INSTRUCTIONS FOR THE TASK |
Copy out each line of the data below in which the string "lagrange" appears.

========

(* Let $\Lambda$ be a cohomology algebra of $b^+=1$ type with $I_T=0$ and $\Gamma\cong\langle1\rangle\oplus n\langle-1\rangle$, $0\le n\le 9$, with orthogonal basis $\{H,E_1,\dots,E_n\}$ of $\Lambda^2$, $H\cdot H=1$, $E_i\cdot E_i=-1$. Let $A=aH-\sum_{i=1}^n b_iE_i\ne0$ be reduced with $A\cdot A\ge0$. Then $c_0=3H-\sum_{i=1}^nE_i$ is an adjunction class and $$h(A)=h_{c_0}(A)=\frac{(a-1)(a-2)-\sum_{i=1}^n b_i(b_i-1)}{2}=\binom{a-1}{2}-\sum_{i=1}^n\binom{b_i}{2}.$$
   Context: Notation: $\Lambda$ a cohomology algebra (graded commutative algebra over $\mathbb{Z}$, free of finite rank in each degree, $p:\Lambda^4\cong\mathbb{Z}$ with perfect pairings $\Lambda^i\times\Lambda^{4-i}\to\mathbb{Z}$); $\Gamma(x,y)=x\cdot y=p(xy)$ on $\Lambda^2$, signature $\sigma$; $I_T\subseteq\Lambda^2$ is the subgroup generated by products of elements of $\Lambda^1$. Characteristic: $c\cdot A\equiv A\cdot A\pmod 2$ for all $A$. Since $I_T=0$, the adjunction classes are the characteristic classes $c$ with $c\cdot c>\sigma(\Lambda)$ (equivalently $c\cdot c\ge\sigma+8$). $h_c(A)=1+\frac{A\cdot A-|c\cdot A|}{2}$ for $A\ne0$, $h_c(0)=0$; $h(A)=\max_c h_c(A)$ over adjunction classes. $A=aH-\sum b_iE_i$ is reduced if $b_1\ge b_2\ge\dots\ge b_n\ge0$ and $a\ge b_1$ if $n=1$, $a\ge b_1+b_2$ if $n=2$, $a\ge b_1+b_2+b_3$ if $n\ge3$ ($a\ge0$ if $n=0$). *)

From HB Require Import structures.
From mathcomp Require Import all_boot all_order all_algebra.
Set Implicit Arguments. Unset Strict Implicit. Unset Printing Implicit Defensive.
Import Order.TTheory GRing.Theory Num.Theory.
Local Open Scope ring_scope.

(* Lambda^2 of a cohomology algebra with Gamma = <1> + n<-1>, expressed in the
   orthogonal basis {H, E_1, ..., E_n} (E_{i+1} is indexed by i : 'I_n).
   A class (a, b) stands for  a H - \sum_i b_i E_i. *)
Definition cls (n : nat) := (int * {ffun 'I_n -> int})%type.

Definition mkcls (n : nat) (a : int) (b : 'I_n -> int) : cls n := (a, [ffun i => b i]).

Definition zero_cls (n : nat) : cls n := (0, [ffun _ => 0]).

Definition dot (n : nat) (x y : cls n) : int :=
  x.1 * y.1 - \sum_(i < n) x.2 i * y.2 i.

Definition sigma (n : nat) : int := 1 - n%:Z.

Definition characteristic (n : nat) (c : cls n) : Prop :=
  forall A : cls n, (dot c A = dot A A %[mod 2])%Z.

(* I_T = 0: adjunction classes = characteristic classes with c.c > sigma. *)
Definition adjunction (n : nat) (c : cls n) : Prop :=
  characteristic c /\ sigma n < dot c c.

Definition h_c (n : nat) (c A : cls n) : int :=
  if A == zero_cls n then 0 else 1 + ((dot A A - `|dot c A|) %/ 2)%Z.

Definition is_h (n : nat) (A : cls n) (v : int) : Prop :=
  (exists2 c, adjunction c & h_c c A = v) /\
  (forall c, adjunction c -> h_c c A <= v).

Definition reduced (n : nat) (A : cls n) : Prop :=
  (forall i j : 'I_n, (i <= j)%N -> A.2 j <= A.2 i) /\
  (forall i : 'I_n, 0 <= A.2 i) /\
  \sum_(i < n | (i < 3)%N) A.2 i <= A.1.

Definition c0 (n : nat) : cls n := mkcls 3 (fun _ => 1).

From mathcomp Require Import all_boot all_order all_algebra.
From mathcomp Require Import zify ring.
Set Implicit Arguments.
Unset Strict Implicit.
Unset Printing Implicit Defensive.
Import Order.TTheory GRing.Theory Num.Theory.
Local Open Scope ring_scope.

(* An adjunction class [c = k H - \sum_i m_i E_i] is characteristic, so [k] and
   all [m_i] are odd; as odd squares are 1 mod 8, [c.c > sigma] sharpens to
   [\sum_i (m_i^2 - 1) <= k^2 - 9]. Replacing [c] by [-c] we may take [k > 0],
   and [c0.A <= |c.A|] reduces to [\sum_i (|m_i| - 1) b_i <= (k - 3) a]. As [b]
   is nonincreasing, Abel summation reduces this to the prefix bounds
   [\sum_(i < p) (|m_i| - 1) <= (k - 3) min(p, 3)], which follow from
   Cauchy-Schwarz and parity for [p <= 9], while [b_1 + b_2 + b_3 <= a].
   Hence [h_c(A) <= h_c0(A)] for every adjunction class [c]; since [c0.A >= 0],
   [h_c0(A)] is given by the closed formula. *)

Lemma sqr_sum_le_sum_sqr (R : realDomainType) (p : nat) (F : 'I_p -> R) :
  (\sum_(i < p) F i) ^+ 2 <= p%:R * \sum_(i < p) F i ^+ 2.
Proof.
set T := \sum_(i < p) F i; set Q := \sum_(i < p) F i ^+ 2.
have expand i : \sum_(j < p) (F i - F j) ^+ 2 = p%:R * F i ^+ 2 + Q - 2 * F i * T.
  rewrite (eq_bigr (fun j => F i ^+ 2 + F j ^+ 2 - 2 * F i * F j)); last first.
    by move=> j _; rewrite sqrrB; ring.
  by rewrite sumrB big_split /= sumr_const card_ord -mulr_sumr -/Q -/T; ring.
have lagrange : \sum_(i < p) \sum_(j < p) (F i - F j) ^+ 2 = 2 * (p%:R * Q - T ^+ 2).
  rewrite (eq_bigr _ (fun i _ => expand i)) sumrB big_split /= sumr_const card_ord.
  by rewrite -mulr_sumr -mulr_suml -mulr_sumr -/Q -/T; ring.
rewrite -subr_ge0 -(pmulr_rge0 _ (ltr0Sn _ 1)) -lagrange.
by apply: sumr_ge0 => i _; apply: sumr_ge0 => j _; apply: sqr_ge0.
Qed.

Lemma abel_sum_ge0 (R : realDomainType) (N : nat) (d w : nat -> R) :
  (forall j, (j <= N)%N -> 0 <= \sum_(i < j) d i) ->
  (forall i j, (i <= j < N)%N -> w j <= w i) ->
  (forall i, (i < N)%N -> 0 <= w i) ->
  0 <= \sum_(i < N) d i * w i.
Proof.
elim: N w => [|N IH] w hd hw hw0; first by rewrite big_ord0.
have split_last : \sum_(i < N.+1) d i * w i
    = \sum_(i < N) d i * (w i - w N) + w N * \sum_(i < N.+1) d i.
  have -> : \sum_(i < N) d i * (w i - w N)
      = \sum_(i < N) d i * w i - w N * \sum_(i < N) d i.
    by rewrite mulr_sumr -sumrB; apply: eq_bigr => i _; ring.
  by rewrite !big_ord_recr /=; ring.
rewrite split_last addr_ge0 //; last by rewrite mulr_ge0 ?hw0 ?hd.
apply: (IH (fun i => w i - w N)) => [j hj|i j /andP[hij hj]|i hi].
- exact/hd/leqW.
- by rewrite lerD2r hw // hij ltnW.
- by rewrite subr_ge0; apply: hw; rewrite (ltnW hi) /=.
Qed.

Lemma sum_ltn_indicator (j m : nat) :
  \sum_(i < j) ((i < m)%N%:R : int) = (minn j m)%:Z.
Proof.
elim: j => [|j IH]; first by rewrite big_ord0 min0n.
by rewrite big_ord_recr /= IH; case: ltnP => hjm; rewrite /= ?addr0; lia.
Qed.

(* Were the bound to fail, parity would give [T >= K q + 2]; together with
   Cauchy-Schwarz [T^2 <= p Q] this exceeds [K^2 + 6 K] as long as [p <= 9]. *)
Lemma prefix_sum_le (p : nat) (y : nat -> int) (K : int) :
  (p <= 9)%N -> 0 <= K -> (2 %| K)%Z ->
  (forall i, (i < p)%N -> 0 <= y i /\ (2 %| y i)%Z) ->
  \sum_(i < p) (y i ^+ 2 + 2 * y i) <= K ^+ 2 + 6 * K ->
  \sum_(i < p) y i <= K * (minn p 3)%:Z.
Proof.
move=> p9 K0 K2 hy hsum; set T := \sum_(i < p) y i.
have T2 : (2 %| T)%Z by apply: rpred_sum => i _; case: (hy i (ltn_ord i)).
have cs_bound : T ^+ 2 + 2 * p%:Z * T <= p%:Z * (K ^+ 2 + 6 * K).
  rewrite big_split /= -mulr_sumr -/T in hsum.
  have cs : T ^+ 2 <= p%:Z * \sum_(i < p) y i ^+ 2 by rewrite -natz; exact: sqr_sum_le_sum_sqr.
  move: cs hsum; set Q := \sum_(i < p) _ => cs hsum.
  have := ler_wpM2l (isT : 0 <= p%:Z) hsum; rewrite !expr2 in cs *; nia.
rewrite leNgt; apply/negP => hT.
have {}hT : K * (minn p 3)%:Z + 2 <= T.
  have : (2 %| K * (minn p 3)%:Z)%Z by exact: dvdz_mulr.
  lia.
move: cs_bound hT; rewrite !expr2; move: (T) => t.
by case: p {T2 hy hsum T} p9 => [|[|[|[|[|[|[|[|[|[|p]]]]]]]]]] //= _; nia.
Qed.

Lemma sum_mul_pred (R : pzRingType) (p : nat) (F : 'I_p -> R) :
  \sum_(i < p) F i * (F i - 1) = \sum_(i < p) F i * F i - \sum_(i < p) F i.
Proof. by rewrite -sumrB; apply: eq_bigr => i _; rewrite mulrBr mulr1. Qed.

Lemma dvdz_mul_pred (x : int) : (2 %| x * (x - 1))%Z.
Proof.
have [x_even|x_odd] := boolP (2 %| x)%Z; first exact: dvdz_mulr.
by apply: dvdz_mull; lia.
Qed.

Lemma odd_sqr_mod8 (x : int) : (2 %| x - 1)%Z -> (8 %| x ^+ 2 - 1)%Z.
Proof.
move=> /dvdzP [q hq]; have /dvdzP [r hr] := dvdz_mul_pred (q + 1).
apply/dvdzP; exists r; have -> : x = q * 2 + 1 by lia.
by rewrite expr2; nia.
Qed.

Lemma bin2_int (x : int) : 0 <= x -> 2 * ('C(`|x|%N, 2))%:Z = x * (x - 1).
Proof.
case: x => // u _; rewrite /= bin2; case: u => [|u] //=.
have := halfK (u.+1 * u); rewrite oddM /= andNb subn0; lia.
Qed.

Section Classes.

Variable n : nat.
Implicit Types (c A : cls n).

Lemma dotNl c A : dot (- c) A = - dot c A.
Proof.
rewrite /dot /= (eq_bigr (fun i => - (c.2 i * A.2 i))) ?sumrN; first by ring.
by move=> i _; rewrite ffunE mulNr.
Qed.

Lemma dotNr c A : dot c (- A) = - dot c A.
Proof.
rewrite /dot /= (eq_bigr (fun i => - (c.2 i * A.2 i))) ?sumrN; first by ring.
by move=> i _; rewrite ffunE mulrN.
Qed.

Lemma dot_c0 A : dot (c0 n) A = 3 * A.1 - \sum_(i < n) A.2 i.
Proof. by rewrite /dot /=; congr (_ - _); apply: eq_bigr => i _; rewrite ffunE mul1r. Qed.

Lemma characteristic_c0 : characteristic (c0 n).
Proof.
move=> A; apply/eqP; rewrite eqz_mod_dvd dot_c0 /dot.
have -> : 3 * A.1 - \sum_(i < n) A.2 i - (A.1 * A.1 - \sum_(i < n) A.2 i * A.2 i)
    = 2 * A.1 - A.1 * (A.1 - 1) + \sum_(i < n) A.2 i * (A.2 i - 1).
  by rewrite sum_mul_pred; ring.
apply: rpredD; last by apply: rpred_sum => i _; exact: dvdz_mul_pred.
by rewrite rpredB ?dvdz_mul_pred // dvdz_mulr.
Qed.

Lemma adjunction_c0 : adjunction (c0 n).
Proof.
split; first exact: characteristic_c0.
rewrite dot_c0 /sigma /= (eq_bigr (fun _ => 1)) => [|i _]; last by rewrite ffunE.
by rewrite sumr_const card_ord; lia.
Qed.

Lemma adjunctionN c : adjunction c -> adjunction (- c).
Proof.
move=> [hc hcc]; split; last by rewrite dotNl dotNr opprK.
move=> A; rewrite dotNl -(hc A); lia.
Qed.

Lemma characteristic_odd c :
  characteristic c -> (2 %| c.1 - 1)%Z /\ forall i, (2 %| c.2 i - 1)%Z.
Proof.
move=> hc; split.
  have := hc (mkcls 1 (fun _ => 0)).
  by rewrite /dot /= !big1 => [|i _|i _]; rewrite ?ffunE ?mulr0 //; lia.
move=> i; pose E := mkcls 0 (fun j => (j == i)%:R).
have dotE c' : dot c' E = - c'.2 i.
  rewrite /dot /= (bigD1 i) //= big1 => [|j /negbTE ji]; last by rewrite ffunE ji mulr0.
  by rewrite ffunE eqxx mulr1 mulr0 addr0 sub0r.
by have := hc E; rewrite !dotE /E /= ffunE eqxx; lia.
Qed.

Lemma adjunction_sqr_le c :
  adjunction c -> \sum_(i < n) (c.2 i ^+ 2 - 1) <= c.1 ^+ 2 - 9.
Proof.
move=> [hc hcc]; have [k_odd m_odd] := characteristic_odd hc.
have k8 := odd_sqr_mod8 k_odd.
have m8 : (8 %| \sum_(i < n) (c.2 i ^+ 2 - 1))%Z.
  by apply: rpred_sum => i _; exact: odd_sqr_mod8.
move: m8.
have -> : \sum_(i < n) (c.2 i ^+ 2 - 1) = \sum_(i < n) c.2 i * c.2 i - n%:Z.
  rewrite sumrB sumr_const card_ord -mulr_natr natz mul1r.
  by congr (_ - _); apply: eq_bigr => i _; rewrite expr2.
by move: hcc; rewrite /sigma /dot expr2; lia.
Qed.

Lemma reduced_ge1 A : A <> zero_cls n -> reduced A -> 1 <= A.1.
Proof.
case: A => a b A_nz [b_decr [b_ge0 b3_le_a]] /=; rewrite /= in b_decr b_ge0 b3_le_a.
have a_ge0 : 0 <= a by apply: le_trans b3_le_a; exact: sumr_ge0.
suff : a != 0 by lia.
apply: contra_notN A_nz => /eqP a0.
rewrite /zero_cls a0; congr (_, _); apply/ffunP => i; rewrite ffunE.
have i0 : (0 < n)%N by apply: leq_ltn_trans (ltn_ord i).
have b0_le : b (Ordinal i0) <= a.
  apply: le_trans b3_le_a; rewrite (bigD1 (Ordinal i0)) //= lerDl.
  exact: sumr_ge0.
apply/eqP; rewrite eq_le b_ge0 andbT -a0.
exact: le_trans (b_decr (Ordinal i0) i (leq0n i)) b0_le.
Qed.

Lemma reduced_weighted_sum_le A (y : 'I_n -> int) (K : int) :
  (n <= 9)%N -> reduced A -> 0 <= K -> (2 %| K)%Z ->
  (forall i, 0 <= y i /\ (2 %| y i)%Z) ->
  \sum_(i < n) (y i ^+ 2 + 2 * y i) <= K ^+ 2 + 6 * K ->
  \sum_(i < n) y i * A.2 i <= K * A.1.
Proof.
move=> n9 [b_decr [b_ge0 b3_le_a]] K0 K2 hy hsum.
pose yn j := oapp y 0 (insub j : option 'I_n).
pose bn j := oapp A.2 0 (insub j : option 'I_n).
have ynE (i : 'I_n) : yn i = y i by rewrite /yn valK.
have bnE (i : 'I_n) : bn i = A.2 i by rewrite /bn valK.
have hyn j : 0 <= yn j /\ (2 %| yn j)%Z.
  by rewrite /yn; case: insubP => [i _ _|_] /=; [exact: hy | rewrite dvdz0].
have prefix j : (j <= n)%N -> \sum_(i < j) yn i <= K * (minn j 3)%:Z.
  move=> jn; apply: prefix_sum_le => //; first exact: leq_trans n9.
  apply: le_trans hsum; rewrite (big_ord_widen n (fun i => yn i ^+ 2 + 2 * yn i) jn).
  rewrite big_mkcond /=; apply: ler_sum => i _; rewrite ynE.
  by case: ifP => // _; have [y0 _] := hy i; rewrite addr_ge0 ?sqr_ge0 ?mulr_ge0.
have weighted_le : \sum_(i < n) y i * A.2 i <= K * \sum_(i < n | (i < 3)%N) A.2 i.
  have := @abel_sum_ge0 _ n (fun i => K * (i < 3)%N%:R - yn i) bn.
  rewrite (eq_bigr (fun i : 'I_n => K * (if (i < 3)%N then A.2 i else 0) - y i * A.2 i));
    last by move=> i _; rewrite ynE bnE; case: ifP => _; rewrite /= ?mulr1 ?mulr0; ring.
  rewrite sumrB -mulr_sumr -big_mkcond subr_ge0; apply.
  - by move=> j jn; rewrite sumrB -mulr_sumr sum_ltn_indicator subr_ge0 prefix.
  - move=> i j /andP [ij jn]; have i_n := leq_ltn_trans ij jn.
    by move: (bnE (Ordinal jn)) (bnE (Ordinal i_n)) => /= -> ->; apply: b_decr.
  - by move=> i i_n; move: (bnE (Ordinal i_n)) => /= ->.
exact: le_trans weighted_le (ler_wpM2l K0 b3_le_a).
Qed.

Lemma dot_c0_ge0 A : (n <= 9)%N -> reduced A -> 0 <= dot (c0 n) A.
Proof.
move=> n9 redA.
(* The weights [y_i = 3 - 1], [K = 9 - 3] of the class [9H - 3 \sum_i E_i]. *)
have sum_le : \sum_(i < n) ((2 : int) ^+ 2 + 2 * 2) <= 6 ^+ 2 + 6 * 6.
  by rewrite sumr_const card_ord -[_ *+ n]mulr_natl natz; lia.
have := reduced_weighted_sum_le (y := fun _ => 2) (K := 6) n9 redA isT isT
  (fun _ => conj isT isT) sum_le.
by rewrite -mulr_sumr dot_c0; move: (\sum_(i < n) A.2 i) => s; lia.
Qed.

Lemma dot_c0_le_adjunction c A :
  (n <= 9)%N -> reduced A -> adjunction c -> dot (c0 n) A <= `|dot c A|.
Proof.
move=> n9 redA; wlog k_pos : c / 0 < c.1 => [hwlog hc|hc].
  have [k_odd _] := characteristic_odd hc.1.
  have [k_gt0|k_le0] := ltP 0 c.1; first exact: hwlog.
  by rewrite -normrN -dotNl; apply: hwlog (adjunctionN hc) => /=; lia.
have [_ m_odd] := characteristic_odd hc.1.
have hy i : 0 <= `|c.2 i| - 1 /\ (2 %| `|c.2 i| - 1)%Z by have := m_odd i; lia.
have sqr_norm i : (`|c.2 i| - 1) ^+ 2 + 2 * (`|c.2 i| - 1) = c.2 i ^+ 2 - 1.
  by rewrite -(real_normK (num_real (c.2 i))); ring.
have hsum : \sum_(i < n) ((`|c.2 i| - 1) ^+ 2 + 2 * (`|c.2 i| - 1))
    <= (c.1 - 3) ^+ 2 + 6 * (c.1 - 3).
  under eq_bigr do rewrite sqr_norm.
  by apply: le_trans (adjunction_sqr_le hc) _; rewrite !expr2; lia.
have K_ge0 : 0 <= c.1 - 3.
  have : 0 <= \sum_(i < n) ((`|c.2 i| - 1) ^+ 2 + 2 * (`|c.2 i| - 1)).
    by apply: sumr_ge0 => i _; have [y0 _] := hy i; rewrite addr_ge0 ?sqr_ge0 ?mulr_ge0.
  move: hsum; rewrite !expr2; nia.
have K_even : (2 %| c.1 - 3)%Z by have [k_odd _] := characteristic_odd hc.1; lia.
have weighted := reduced_weighted_sum_le n9 redA K_ge0 K_even hy hsum.
have norm_sum : \sum_(i < n) c.2 i * A.2 i <= \sum_(i < n) `|c.2 i| * A.2 i.
  by apply: ler_sum => i _; apply: ler_wpM2r (ler_norm _); case: redA => _ [].
have split_sum : \sum_(i < n) (`|c.2 i| - 1) * A.2 i
    = \sum_(i < n) `|c.2 i| * A.2 i - \sum_(i < n) A.2 i.
  by rewrite -sumrB; apply: eq_bigr => i _; ring.
rewrite dot_c0; apply: le_trans (ler_norm _); rewrite /dot.
by move: weighted norm_sum; rewrite split_sum; nia.
Qed.

Lemma h_c_double c A :
  characteristic c -> A <> zero_cls n -> 2 * h_c c A = 2 + dot A A - `|dot c A|.
Proof. by move=> hc /eqP A_nz; rewrite /h_c (negbTE A_nz); have := hc A; lia. Qed.

End Classes.

Theorem mainTheorem9 (n : nat) (A : cls n) :
  (n <= 9)%N ->
  A <> zero_cls n ->
  reduced A ->
  0 <= dot A A ->
  [/\ adjunction (c0 n),
      is_h A (h_c (c0 n) A),
      2 * h_c (c0 n) A = (A.1 - 1) * (A.1 - 2) - \sum_(i < n) A.2 i * (A.2 i - 1)
    & h_c (c0 n) A = ('C(`|A.1 - 1|%N, 2))%:Z - \sum_(i < n) ('C(`|A.2 i|%N, 2))%:Z].
Proof.
move=> n9 A_nz redA _.
have c0A_ge0 := dot_c0_ge0 n9 redA.
have h_c0 := h_c_double (@characteristic_c0 n) A_nz.
have double_h : 2 * h_c (c0 n) A = (A.1 - 1) * (A.1 - 2) - \sum_(i < n) A.2 i * (A.2 i - 1).
  by rewrite h_c0 ger0_norm // dot_c0 /dot sum_mul_pred; ring.
split => //.
- exact: adjunction_c0.
- split=> [|c hc]; first by exists (c0 n); first exact: adjunction_c0.
  rewrite -(ler_pM2l (ltr0Sn _ 1)) h_c0 (h_c_double hc.1 A_nz) (ger0_norm c0A_ge0).
  by rewrite lerD2l lerN2 dot_c0_le_adjunction.
apply: (mulfI (_ : 2 != 0)) => //; rewrite double_h [RHS]mulrBr mulr_sumr.
have a_ge1 := reduced_ge1 A_nz redA.
rewrite bin2_int ?subr_ge0 // [in RHS](eq_bigr (fun i => A.2 i * (A.2 i - 1))) => [|i _].
  by ring.
by rewrite bin2_int //; case: redA => _ [].
Qed.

========

ANSWER TO THIS PROBLEM |
have lagrange : \sum_(i < p) \sum_(j < p) (F i - F j) ^+ 2 = 2 * (p%:R * Q - T ^+ 2).
rewrite -subr_ge0 -(pmulr_rge0 _ (ltr0Sn _ 1)) -lagrange.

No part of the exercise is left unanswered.